The Fed and key central banks agreed to lend “virtual monies” to the “too big to fail” global banks at zero or near zero interest rate and these banks in turn would “deposit” these monies with the Fed and other central banks at agreed interest rates. These transactions are all mere book entries. Other “loans” from the Fed and central banks (again at zero or near zero interest rates) are used to purchase government debts, these debts being the stimulus monies needed to revive the real economy and create jobs for the growing unemployed. So in essence, these banks are given “free money” to lend to the government at prior agreed interest rates with no risks at all. It is a hoax!

These “monies” are not even the dollar bills, but mere book entries created out of thin air.

So when the Fed injects US$ trillions into the banking system, it merely credits the amount in the accounts of the “too big to fail” banks at the Fed.
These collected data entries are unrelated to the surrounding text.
Lemma commutator_3cycle :
  is_3cycle Omega (act (gmul G s (gmul G r (gmul G (ginv G s) (ginv G r)))))
    a (act s a) (act r a).
Proof.
  pose proof (r_fixes _ s_moves_a (act_moves_image s a s_moves_a)) as r_sa.
  pose proof (s_fixes _ r_moves_a (act_moves_image r a r_moves_a)) as s_ra.
  assert (Nsr : act s a <> act r a).
  { intro E. apply (act_moves_image r a r_moves_a). rewrite <- E at 1. now rewrite r_sa. }
  refine (conj (not_eq_sym s_moves_a) (conj Nsr (conj r_moves_a
    (conj _ (conj _ (conj _ commutator_fixes)))))); rewrite !act_mul.
  - pose proof (act_inv_moves r a r_moves_a) as Hy.
    now rewrite (act_inv_fixed s _ (s_fixes _ Hy (act_moves_inv_image r a Hy))), act_inv_r.
  - now rewrite (act_inv_fixed r _ r_sa), act_inv_l, s_ra.
  - pose proof (act_inv_moves s a s_moves_a) as Hz.
    now rewrite act_inv_l, (r_fixes _ Hz (act_moves_inv_image s a Hz)), act_inv_r.
Qed.

End Commutator.

Lemma stabilizer_transitive a x z : extends_pinj 2 -> x <> a -> z <> a ->
  exists c, act c a = a /\ act c x = z.
Proof.
  intros Hext Hxa Hza.
  destruct (Hext [(a, a); (x, z)]) as [c Hc]; [| simpl; lia |].
  { split; simpl; repeat constructor; simpl; intuition congruence. }
  exists c. split; [apply (Hc (a, a)) | apply (Hc (x, z))]; simpl; auto.
Qed.

(* B. H. Neumann's lemma for the stabiliser of [a], phrased with forbidden
   pairs so that the induction on [X] goes through. *)
Lemma stabilizer_avoids_pairs a : extends_pinj 2 ->
  forall (X : list Omega) (L : list (Omega * Omega)), exists h, act h a = a /\
    forall q, In q L -> In (fst q) X -> fst q <> a -> act h (fst q) <> snd q.
Proof.
  intros Hext X. induction X as [|x X IH]; intro L.
  { exists (gone G). split; [apply act_one | intros q _ []]. }
  destruct (classic (x = a)) as [->|Hxa].
  { destruct (IH L) as [h [ha Hh]]. exists h. split; [exact ha|].
    intros q Hq [E|HX] Hqa; [congruence | exact (Hh q Hq HX Hqa)]. }
  destruct (exists_not_In Omega_infinite (a :: map snd L)) as [z Hz].
  assert (Hza : z <> a) by (intro E; apply Hz; left; symmetry; exact E).
  destruct (stabilizer_transitive a x z Hext Hxa Hza) as [c [ca cx]].
  destruct (witness_list (fun d y => act d a = a /\ act d x = y) (map snd L)) as [D HD].
  (* if [h x] is forbidden, [c d^-1 h] (with [d x = h x]) is used instead, so
     [h] must also avoid the pairs that this substitution would hit *)
  destruct (IH (L ++ flat_map (fun d =>
      map (fun q => (fst q, act (gmul G d (ginv G c)) (snd q))) L) D)) as [h [ha Hh]].
  destruct (classic (In (x, act h x) L)) as [HxL|HxL].
  - destruct (HD (act h x) (in_map snd L _ HxL) (ex_intro _ h (conj ha eq_refl)))
      as [d [HdD [da dx]]].
    exists (gmul G c (gmul G (ginv G d) h)).
    split; [now rewrite !act_mul, ha, (act_inv_fixed d a da), ca|].
    intros q Hq HX Hqa. rewrite !act_mul. destruct (classic (fst q = x)) as [->|Nq].
    + rewrite <- dx, act_inv_l, cx. intro E. apply Hz. right. rewrite E. exact (in_map snd L q Hq).
    + destruct HX as [E|HX]; [congruence|]. intro E.
      apply (Hh (fst q, act (gmul G d (ginv G c)) (snd q))); simpl; auto.
      * apply in_or_app. right. apply in_flat_map. exists d. split; [exact HdD|].
        apply in_map_iff. exists q. split; [reflexivity | exact Hq].
      * now rewrite <- E, act_mul, act_inv_l, act_inv_r.
  - exists h. split; [exact ha|]. intros q Hq HX Hqa E.
    destruct (classic (fst q = x)) as [Eq|Nq].
    + apply HxL. rewrite <- Eq, E, <- surjective_pairing. exact Hq.
    + destruct HX as [E'|HX]; [congruence|].
      exact (Hh q (in_or_app _ _ _ (or_introl Hq)) HX Hqa E).
Qed.
(* Let $k\ge1$ be the cache size. For any access graph $G$, \[-1+\frac1k\le\mathrm{Min}^G(\mathrm{FIFO},\mathrm{LRU})\quad\text{and}\quad\mathrm{Max}^G(\mathrm{FIFO},\mathrm{LRU})\le\frac12-\frac1{4k-2}.\]
   Context: Paging: a cache holds at most $k$ pages and is initially empty. A request to a page in the cache is a hit; otherwise it is a fault, the page is brought into the cache, evicting a page first if the cache is full. $\mathcal{A}(I)$ is the number of faults of $\mathcal{A}$ on request sequence $I$. LRU evicts the least recently requested cached page; FIFO evicts the cached page that entered the cache earliest. Access graph: a graph $G$ whose vertices are the pages; a request sequence respects $G$ if any two consecutive requests are identical or adjacent in $G$; $L(G)$ is the set of such sequences. Relative interval: $\mathrm{Min}_{\mathcal{A},\mathcal{B}}(n,G)=\min\{\mathcal{A}(I)-\mathcal{B}(I): I\in L(G),|I|=n\}$, $\mathrm{Max}_{\mathcal{A},\mathcal{B}}(n,G)$ analogously with max; $\mathrm{Min}^G(\mathcal{A},\mathcal{B})=\liminf_{n\to\infty}\mathrm{Min}_{\mathcal{A},\mathcal{B}}(n,G)/n$ and $\mathrm{Max}^G(\mathcal{A},\mathcal{B})=\limsup_{n\to\infty}\mathrm{Max}_{\mathcal{A},\mathcal{B}}(n,G)/n$. *)

From HB Require Import structures.
From mathcomp Require Import all_boot all_order all_algebra.
From mathcomp Require Import all_classical all_reals all_analysis.
Set Implicit Arguments. Unset Strict Implicit. Unset Printing Implicit Defensive.
Import Order.TTheory GRing.Theory Num.Theory.
Local Open Scope classical_set_scope.
Local Open Scope ring_scope.
Lemma Cconst_of_derive_0 (h : R -> C) a b :
  a < b -> (forall z, Ccont (fun y => h (clamp a b y)) z) ->
  (forall y, a < y < b -> Cder h y (RtoC 0)) -> forall y, a <= y <= b -> h y = h a.
Proof.
  intros Hab Hc Hd y Hy. apply injective_projections.
  - apply (const_of_derive_0 (fun z => fst (h z)) a b Hab); auto.
    + intros z. apply (Ccont_fst (fun y => h (clamp a b y))), Hc.
    + intros z Hz. apply (Cder_fst h z (RtoC 0)). auto.
  - apply (const_of_derive_0 (fun z => snd (h z)) a b Hab); auto.
    + intros z. apply (Ccont_snd (fun y => h (clamp a b y))), Hc.
    + intros z Hz. apply (Cder_snd h z (RtoC 0)). auto.
Qed.

Lemma RIntC_Cmult_ext (e : C) (F Fc : R -> C) a b lo hi :
  (forall z, Ccont Fc z) -> lo <= a <= hi -> lo <= b <= hi ->
  (forall u, lo <= u <= hi -> F u = Fc u) ->
  RIntC (fun u => e * F u)%C a b = (e * RIntC Fc a b)%C.
Proof.
  intros Hc Ha Hb HF.
  assert (Hin : forall u, Rmin a b < u < Rmax a b -> lo <= u <= hi)
    by (intros u; unfold Rmin, Rmax; destruct Rle_dec; lra).
  rewrite RIntC_Cmult.
  - f_equal. apply (@RInt_ext C_R_CompleteNormedModule). auto.
  - apply (ex_RInt_ext Fc); [intros u Hu; symmetry; auto | apply ex_RIntC_cont, Hc].
Qed.

Lemma Cder_RIntC_loc (f G : R -> C) (K : C) a x :
  (forall z, Ccont G z) -> locally x (fun y => f y = K + RIntC G a y)%C -> Cder f x (G x).
Proof.
  intros HG Hf. apply (is_derive_ext_loc (fun y => K + RIntC G a y)%C).
  - generalize Hf. apply filter_imp. intros y Hy. symmetry. exact Hy.
  - eapply Cder_eq.
    + apply Cder_plus; [apply Cder_const|].
      apply (@is_derive_RInt C_R_NormedModule G (fun b => RIntC G a b) a x); [|apply HG].
      apply filter_forall. intros b.
      apply (RInt_correct (V := C_R_CompleteNormedModule)), ex_RIntC_cont, HG.
    + ring.
Qed.

End Intervals.

Open Scope C_scope.

Notation is_index i := (1 <= i <= 3)%nat.

Section Matrices.

Definition adj (X : Mat) : Mat := fun i j => cofactor X j i.
Definition trace (V : Mat) : C := V 1%nat 1%nat + V 2%nat 2%nat + V 3%nat 3%nat.
Definition det3 (X : Mat) : C := mmul X (adj X) 1%nat 1%nat.

(* [adj_diff X Y] is the derivative of [adj] at [X] in the direction [Y]. *)
Definition minor_diff (X Y : Mat) (i j : nat) : C :=
  let (r1, r2) := others i in let (c1, c2) := others j in
  Y r1 c1 * X r2 c2 + X r1 c1 * Y r2 c2 - (Y r1 c2 * X r2 c1 + X r1 c2 * Y r2 c1).
Definition adj_diff (X Y : Mat) : Mat :=
  fun i j => if Nat.even (j + i) then minor_diff X Y j i else - minor_diff X Y j i.

Definition MDer (F : R -> Mat) (x : R) (F' : Mat) : Prop :=
  forall i j, is_index i -> is_index j -> Cder (fun y => F y i j) x (F' i j).
Definition MCont (F : R -> Mat) (z : R) : Prop :=
  forall i j, is_index i -> is_index j -> Ccont (fun y => F y i j) z.

Lemma index_cases i : is_index i -> i = 1%nat \/ i = 2%nat \/ i = 3%nat.
Proof. lia. Qed.

Lemma others_index i : is_index (fst (others i)) /\ is_index (snd (others i)).
Proof. destruct i as [|[|[|i]]]; simpl; lia. Qed.

Lemma MDer_mmul A B x A' B' :
  MDer A x A' -> MDer B x B' ->
  MDer (fun y => mmul (A y) (B y)) x (madd (mmul A' (B x)) (mmul (A x) B')).
Proof.
  intros HA HB i j Hi Hj. unfold mmul, sum3, madd.
  assert (I1 : is_index 1) by lia. assert (I2 : is_index 2) by lia. assert (I3 : is_index 3) by lia.
  eapply Cder_eq.
  - apply Cder_plus; [apply Cder_plus|]; apply Cder_mult; auto.
  - cbv beta. ring.
Qed.

Lemma MCont_mmul A B z : MCont A z -> MCont B z -> MCont (fun y => mmul (A y) (B y)) z.
Proof.
  intros HA HB i j Hi Hj. unfold mmul, sum3.
  assert (I1 : is_index 1) by lia. assert (I2 : is_index 2) by lia. assert (I3 : is_index 3) by lia.
  apply Ccont_plus; [apply Ccont_plus|]; apply Ccont_mult; auto.
Qed.

Lemma MDer_adj A x A' : MDer A x A' -> MDer (fun y => adj (A y)) x (adj_diff (A x) A').
Proof.
  intros HA i j Hi Hj. unfold adj, cofactor, adj_diff, minor, minor_diff.
  pose proof (others_index i) as [Hi1 Hi2]. pose proof (others_index j) as [Hj1 Hj2].
  destruct (others i) as [c1 c2], (others j) as [r1 r2]. simpl in *.
  destruct (Nat.even (j + i)); [|apply Cder_opp];
    apply Cder_minus; apply Cder_mult; auto.
Qed.

Lemma MCont_adj A z : MCont A z -> MCont (fun y => adj (A y)) z.
Proof.
  intros HA i j Hi Hj. unfold adj, cofactor, minor.
  pose proof (others_index i) as [Hi1 Hi2]. pose proof (others_index j) as [Hj1 Hj2].
  destruct (others i) as [c1 c2], (others j) as [r1 r2]. simpl in *.
  destruct (Nat.even (j + i)); [|apply Ccont_opp];
    apply Ccont_minus; apply Ccont_mult; auto.
Qed.

Lemma adj_diff_mul_identity (X Y V : Mat) i j : is_index i -> is_index j ->
  madd (mmul (adj_diff X (mmul V X)) Y) (mmul (adj X) (mmul V Y)) i j
  = trace V * mmul (adj X) Y i j.
Proof.
  intros Hi Hj.
  destruct (index_cases i Hi) as [-> | [-> | ->]]; destruct (index_cases j Hj) as [-> | [-> | ->]];
  unfold madd, mmul, sum3, adj_diff, adj, cofactor, minor_diff, minor, trace; simpl; ring.
Qed.

Lemma det_diff_identity (X V : Mat) :
  madd (mmul (mmul V X) (adj X)) (mmul X (adj_diff X (mmul V X))) 1%nat 1%nat
  = trace V * det3 X.
Proof.
  unfold det3, madd, mmul, sum3, adj_diff, adj, cofactor, minor_diff, minor, trace; simpl; ring.
Qed.

Lemma mmul_meq_l A A' Y i j : meq A A' -> is_index i -> mmul A Y i j = mmul A' Y i j.
Proof. intros H Hi. unfold mmul, sum3. rewrite !H by lia. reflexivity. Qed.

Lemma mmul_meq_r A Y Y' i j : meq Y Y' -> is_index j -> mmul A Y i j = mmul A Y' i j.
Proof. intros H Hj. unfold mmul, sum3. rewrite !H by lia. reflexivity. Qed.

Lemma mmul_idm_l Y i j : is_index i -> mmul idm Y i j = Y i j.
Proof. intros Hi. destruct (index_cases i Hi) as [-> | [-> | ->]]; unfold mmul, sum3, idm; simpl; ring. Qed.

Lemma mmul_idm_r A i j : is_index j -> mmul A idm i j = A i j.
Proof. intros Hj. destruct (index_cases j Hj) as [-> | [-> | ->]]; unfold mmul, sum3, idm; simpl; ring. Qed.

Lemma adj_meq_idm X : meq X idm -> meq (adj X) idm.
Proof.
  intros H a b Ha Hb. unfold adj, cofactor, minor.
  destruct (index_cases a Ha) as [-> | [-> | ->]]; destruct (index_cases b Hb) as [-> | [-> | ->]];
    simpl; rewrite !H by lia; unfold idm; simpl; ring.
Qed.

Lemma det3_meq X X' : meq X X' -> det3 X = det3 X'.
Proof. intros H. unfold det3, mmul, sum3, adj, cofactor, minor; simpl. rewrite !H by lia. reflexivity. Qed.

Lemma det3_adj X : det3 (adj X) = det3 X * det3 X.
Proof. unfold det3, mmul, sum3, adj, cofactor, minor; simpl. ring. Qed.

Lemma det3_idm : det3 idm = 1.
Proof. unfold det3, mmul, sum3, adj, cofactor, minor, idm; simpl. ring. Qed.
When the system is applied to international trade, the same modus operandi is used to pay for the goods imported from China, Japan etc.

Should a bankrupt country (the US) be allowed to use money created out of thin air to pay for goods produced with the sweat and tears of hardworking citizens of exporting countries? Adding insult to injury, the same dollars are now purchasing a lot less than before.

So what is the use of being paid in a currency that is losing rapidly its value?

If we go by what Bernanke has been preaching and practising, it means more toilet paper currency will be created to repay the debts.